● **What to produce**:
Find every line below where the string "ProbabilityWeights" shows up, and copy those lines.

● **Records for the exercise**:
--- START ---

(* Let $N\ge 1$ and let $\mathcal{N}=(p_1,\ldots,p_N)$ with $p_i>0$ and $\sum_{i=1}^N p_i=1$ be fixed. For each positive integer $M$, let $X_1,\ldots,X_M$ be independent random variables with values in $\bar N=\{1,\ldots,N\}$ and $\Pr(X_j=i)=p_i$, and let $\Pr(K\mid M,\mathcal{N})$ be the probability that exactly $K$ distinct values occur among $X_1,\ldots,X_M$. For $s\subseteq\bar N$ write $\Pr(s)=\sum_{i\in s}p_i$. For $i=1,\ldots,N$ let $s_i=\bar N\setminus\{i\}$ and $q_{M,i}=1-\Pr(s_i)^M$, and define the Poisson binomial distribution \[ Q(K\mid M,\mathcal{N})=\sum_{\{s\subseteq\bar N:\ |s|=K\}}\prod_{i\in s}q_{M,i}\prod_{j\in\bar N\setminus s}(1-q_{M,j}). \] Then \[ \lim_{M\to\infty}\ \max_{K=1,\ldots,N}\bigl|\Pr(K\mid M,\mathcal{N})-Q(K\mid M,\mathcal{N})\bigr|=0. \]
   Context: $Q(\cdot\mid M,\mathcal{N})$ is the distribution of the number of successes among $N$ independent Bernoulli trials with success probabilities $q_{M,1},\ldots,q_{M,N}$. *)

From HB Require Import structures.
From mathcomp Require Import all_boot all_order all_algebra.
From mathcomp Require Import all_classical all_reals topology normedtype sequences.
Set Implicit Arguments. Unset Strict Implicit. Unset Printing Implicit Defensive.
Import Order.TTheory GRing.Theory Num.Theory.
Local Open Scope ring_scope.

(* The value set {1,...,N} is modelled by 'I_N (value i+1 <-> ordinal i).
   p : 'I_N -> R is the distribution N = (p_1,...,p_N). *)

Definition PrS (R : realType) (N : nat) (p : 'I_N -> R) (s : {set 'I_N}) : R :=
  \sum_(i in s) p i.

(* Pr(K | M, N): X_1..X_M i.i.d. with law p; the joint law of (X_1,...,X_M)
   is the product measure on {ffun 'I_M -> 'I_N}, the outcome x having
   probability prod_j p (x j). *)
Definition PrK (R : realType) (N : nat) (p : 'I_N -> R) (M K : nat) : R :=
  \sum_(x : {ffun 'I_M -> 'I_N} | #|[set x j | j : 'I_M]| == K)
     \prod_(j : 'I_M) p (x j).

Definition qMi (R : realType) (N : nat) (p : 'I_N -> R) (M : nat) (i : 'I_N) : R :=
  1 - (PrS p [set~ i]) ^+ M.

Definition QK (R : realType) (N : nat) (p : 'I_N -> R) (M K : nat) : R :=
  \sum_(s : {set 'I_N} | #|s| == K)
     (\prod_(i in s) qMi p M i) * (\prod_(j in ~: s) (1 - qMi p M j)).

Definition maxdiff (R : realType) (N : nat) (p : 'I_N -> R) (M : nat) : R :=
  \big[Num.max/0]_(1 <= K < N.+1) `|PrK p M K - QK p M K|.

From HB Require Import structures.
From mathcomp Require Import all_boot all_order all_algebra.
From mathcomp Require Import all_classical all_reals topology normedtype sequences.
From mathcomp Require Import lra.
Import Order.TTheory GRing.Theory Num.Theory.
Local Open Scope classical_set_scope.
Local Open Scope ring_scope.
Set Implicit Arguments. Unset Strict Implicit. Unset Printing Implicit Defensive.

(* Both [Pr(. | M, N)] and [Q(. | M, N)] are probability distributions of a
   count [K] that concentrate on [K = N] at the same rate: the mass off
   [K = N] is at most the expected number [E_M = sum_i (1 - p_i)^M] of values
   that do not occur among [X_1, ..., X_M].  For [Pr] this is the union bound
   over the missing value; for [Q] it is the Weierstrass product inequality
   [prod_i (1 - r_i) >= 1 - sum_i r_i] applied to [Q(N) = prod_i q_{M,i}],
   since [1 - q_{M,i} = (1 - p_i)^M].  Hence [|Pr(K) - Q(K)| <= E_M] for
   every [K], and [E_M -> 0] because every [p_i > 0]. *)

Section ProbabilityWeights.
Variables (R : realType) (T : finType) (w : T -> R).
Hypotheses (w_ge0 : forall x, 0 <= w x) (w_sum1 : \sum_x w x = 1).

Lemma sum_disjoint_le_1subr (P Q : pred T) :
  (forall x, P x -> ~~ Q x) -> \sum_(x | P x) w x <= 1 - \sum_(x | Q x) w x.
Proof.
move=> PQ; rewrite -w_sum1 [X in X - _](bigID Q) /= addrAC subrr add0r.
rewrite [leRHS]big_mkcond [leLHS]big_mkcond /=; apply: ler_sum => x _.
by case: ifP => [/PQ -> | _] //; case: ifP.
Qed.

Lemma sum_pred_le1 (P : pred T) : \sum_(x | P x) w x <= 1.
Proof.
have := @sum_disjoint_le_1subr P pred0 (fun _ _ => isT).
by rewrite big_pred0_eq subr0.
Qed.

End ProbabilityWeights.

Lemma sum_ffun_prod (R : comNzRingType) (T : finType) (f : T -> R) (M : nat) :
  \sum_(x : {ffun 'I_M -> T}) \prod_(j : 'I_M) f (x j) = (\sum_k f k) ^+ M.
Proof.
by rewrite -(bigA_distr_bigA (fun (j : 'I_M) k => f k)) prodr_const card_ord.
Qed.

Lemma sum_poisson_binomial (R : comNzRingType) (I : finType) (q : I -> R) :
  \sum_(s : {set I}) (\prod_(i in s) q i) * (\prod_(i in ~: s) (1 - q i)) = 1.
Proof.
transitivity (\prod_i (q i + (1 - q i))); last first.
  by rewrite big1 // => i _; rewrite addrC subrK.
rewrite bigA_distr; apply: eq_bigr => s _.
rewrite [RHS](bigID (mem s)) /=; congr (_ * _); apply: eq_big => i.
- by case: (i \in s).
- by move=> ->.
- by rewrite finset.in_setC.
- by rewrite finset.in_setC => /negbTE ->.
Qed.

Lemma Weierstrass_product_inequality (R : realDomainType) (I : finType)
  (r : I -> R) :
  (forall i, 0 <= r i <= 1) -> 1 - \sum_i r i <= \prod_i (1 - r i).
Proof.
move=> r01.
suff [] : 1 - \sum_i r i <= \prod_i (1 - r i) /\ 0 <= \prod_i (1 - r i) <= 1
  by [].
apply: (big_rec2 (fun y x => 1 - y <= x /\ 0 <= x <= 1)).
  by rewrite subr0 ler01 lexx.
move=> i y x _ [hyx /andP[x0 x1]]; have /andP[ri0 ri1] := r01 i.
split; first nra.
by apply/andP; split; nra.
Qed.

Lemma cards_eqT (T : finType) (s : {set T}) :
  (#|s| == #|T|) = (s == [set: T]%SET).
Proof. by rewrite eqEcard finset.subsetT cardsT eqn_leq fintype.max_card. Qed.

Lemma cards_neqT_notin (T : finType) (s : {set T}) :
  #|s| != #|T| -> exists x, x \notin s.
Proof.
rewrite cards_eqT => /eqP sT.
apply/existsP; apply: contra_notT sT => /existsPn sx.
by apply/setP=> x; rewrite inE; exact/negbNE.
Qed.

Section MissingValues.
Variables (R : realType) (N : nat) (p : 'I_N -> R).
Hypotheses (p_gt0 : forall i, 0 < p i) (p_sum1 : \sum_(i < N) p i = 1).

Let p_ge0 i : 0 <= p i. Proof. exact: ltW. Qed.

Lemma PrS_setC1 i : PrS p [set~ i] = 1 - p i.
Proof.
rewrite -p_sum1 (bigD1 i) //= addrC addrK /PrS.
by apply: eq_bigl => j; rewrite in_setC1.
Qed.

Lemma PrS_ge0 s : 0 <= PrS p s.
Proof. exact: sumr_ge0. Qed.

Lemma PrS_setC1X_itv i M : 0 <= PrS p [set~ i] ^+ M <= 1.
Proof.
rewrite exprn_ge0 ?PrS_ge0 // exprn_ile1 ?PrS_ge0 // PrS_setC1.
by rewrite gerBl.
Qed.

Definition expected_missing (M : nat) : R := \sum_i PrS p [set~ i] ^+ M.

Lemma expected_missing_ge0 M : 0 <= expected_missing M.
Proof. by apply: sumr_ge0 => i _; case/andP: (PrS_setC1X_itv i M). Qed.

Lemma expected_missing_cvg0 : expected_missing @ \oo --> (0 : R^o).
Proof.
have cvgX i : (fun M => PrS p [set~ i] ^+ M) @ \oo --> (0 : R^o).
  apply: cvg_expr; rewrite ger0_norm ?PrS_ge0 // PrS_setC1.
  by rewrite gtrBl p_gt0.
have := cvg_big (@add_continuous R^o) _ (fun i (_ : predT i) => cvgX i).
by move=> /(_ 0 (index_enum _) _); rewrite big1.
Qed.

Lemma sum_prod_law_avoid (M : nat) i :
  \sum_(x : {ffun 'I_M -> 'I_N}) \prod_j (p (x j) * (x j != i)%:R) =
  PrS p [set~ i] ^+ M.
Proof.
rewrite (sum_ffun_prod (fun k => p k * (k != i)%:R)) /PrS [in RHS]big_mkcond.
congr (_ ^+ _).
by apply: eq_bigr => k _; rewrite in_setC1; case: (k != i); rewrite ?mulr1 ?mulr0.
Qed.

Lemma sum_prod_law (M : nat) :
  \sum_(x : {ffun 'I_M -> 'I_N}) \prod_(j : 'I_M) p (x j) = 1.
Proof. by rewrite sum_ffun_prod p_sum1 expr1n. Qed.

Lemma PrK_ge0 M K : 0 <= PrK p M K.
Proof. by apply: sumr_ge0 => x _; exact: prodr_ge0. Qed.

Lemma PrK_le_1subr M K : K != N -> PrK p M K <= 1 - PrK p M N.
Proof.
move=> KN; apply: sum_disjoint_le_1subr => [x | | x /eqP ->] //.
- exact: prodr_ge0.
- exact: sum_prod_law.
Qed.

Lemma sum_notsurj_le M :
  \sum_(x : {ffun 'I_M -> 'I_N} | #|[set x j | j : 'I_M]| != N)
     \prod_j p (x j) <= expected_missing M.
Proof.
pose avoid i (x : {ffun 'I_M -> 'I_N}) := \prod_j (p (x j) * (x j != i)%:R).
have avoid_ge0 i x : 0 <= avoid i x.
  by apply: prodr_ge0 => j _; rewrite mulr_ge0.
apply: (@le_trans _ _ (\sum_x \sum_(i < N) avoid i x)).
  rewrite [leLHS]big_mkcond /=; apply: ler_sum => x _.
  case: ifPn => notsurj; last exact: sumr_ge0.
  have [i iNx] : exists i, i \notin [set x j | j : 'I_M].
    by apply: cards_neqT_notin; rewrite card_ord.
  rewrite (bigD1 i) //= -[leLHS]addr0; apply: lerD; last exact: sumr_ge0.
  suff -> : \prod_j p (x j) = avoid i x by [].
  apply: eq_bigr => j _; suff -> : x j != i by rewrite mulr1.
  by apply: contraNneq iNx => <-; exact: imset_f.
rewrite exchange_big (eq_bigr _ (fun i _ => sum_prod_law_avoid M i)).
exact: lexx.
Qed.

Lemma PrK_N_ge M : 1 - expected_missing M <= PrK p M N.
Proof.
have := sum_prod_law M.
rewrite (bigID (fun x : {ffun 'I_M -> 'I_N} => #|[set x j | j : 'I_M]| == N)) /=.
by have := sum_notsurj_le M; rewrite /PrK; lra.
Qed.

Lemma PrK_le1 M K : PrK p M K <= 1.
Proof. by apply: sum_pred_le1 => [x|]; [exact: prodr_ge0 | exact: sum_prod_law]. Qed.

Lemma qMi_itv M i : 0 <= qMi p M i <= 1.
Proof.
by have /andP[r0 r1] := PrS_setC1X_itv i M; rewrite /qMi subr_ge0 r1 gerBl r0.
Qed.

Lemma poisson_binomial_weight_ge0 M (s : {set 'I_N}) :
  0 <= (\prod_(i in s) qMi p M i) * (\prod_(j in ~: s) (1 - qMi p M j)).
Proof.
apply: mulr_ge0; apply: prodr_ge0 => i _; have /andP[q0 q1] := qMi_itv M i.
  exact: q0.
by rewrite subr_ge0.
Qed.

Lemma QK_le1 M K : QK p M K <= 1.
Proof.
apply: sum_pred_le1 => [s|]; first exact: poisson_binomial_weight_ge0.
exact: sum_poisson_binomial.
Qed.

Lemma QK_ge0 M K : 0 <= QK p M K.
Proof. by apply: sumr_ge0 => s _; exact: poisson_binomial_weight_ge0. Qed.

Lemma QK_le_1subr M K : K != N -> QK p M K <= 1 - QK p M N.
Proof.
move=> KN; apply: sum_disjoint_le_1subr => [s | | s /eqP ->] //.
- exact: poisson_binomial_weight_ge0.
- exact: sum_poisson_binomial.
Qed.

Lemma QK_N M : QK p M N = \prod_i qMi p M i.
Proof.
rewrite /QK (big_pred1 [set: 'I_N]%SET); last first.
  by move=> s; rewrite /= -cards_eqT card_ord.
by rewrite finset.setCT big_set0 mulr1; apply: eq_bigl => i; rewrite inE.
Qed.

Lemma QK_N_ge M : 1 - expected_missing M <= QK p M N.
Proof.
rewrite QK_N; apply: Weierstrass_product_inequality => i.
exact: PrS_setC1X_itv.
Qed.

Lemma dist_PrK_QK M K : `|PrK p M K - QK p M K| <= expected_missing M.
Proof.
have := PrK_N_ge M; have := QK_N_ge M; have := PrK_le1 M N; have := QK_le1 M N.
have := PrK_ge0 M K; have := QK_ge0 M K; rewrite ler_norml.
have [-> | KN] := eqVneq K N; first by move=> *; apply/andP; split; lra.
have := PrK_le_1subr M KN; have := QK_le_1subr M KN.
by move=> *; apply/andP; split; lra.
Qed.

End MissingValues.

Theorem theorem1 (R : realType) (N : nat) (p : 'I_N -> R)
  (hN : (1 <= N)%N) (hpos : forall i, 0 < p i) (hsum : \sum_(i < N) p i = 1) :
  (fun M : nat => maxdiff p M) @ \oo --> (0 : R^o).
Proof.
have maxdiff_itv M : 0 <= maxdiff p M <= expected_missing p M.
  rewrite /maxdiff bigmax_ge_id /=; apply: bigmax_le => [|K _].
    exact: expected_missing_ge0.
  exact: dist_PrK_QK.
apply: (@squeeze_cvgr _ _ _ _ (fun=> 0) (expected_missing p)).
- by apply: nearW => M; exact: maxdiff_itv.
- exact: (@cvg_cst R^o).
- exact: expected_missing_cvg0.
Qed.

--- END ---

● **Answer to the problem**:
Section ProbabilityWeights.
End ProbabilityWeights.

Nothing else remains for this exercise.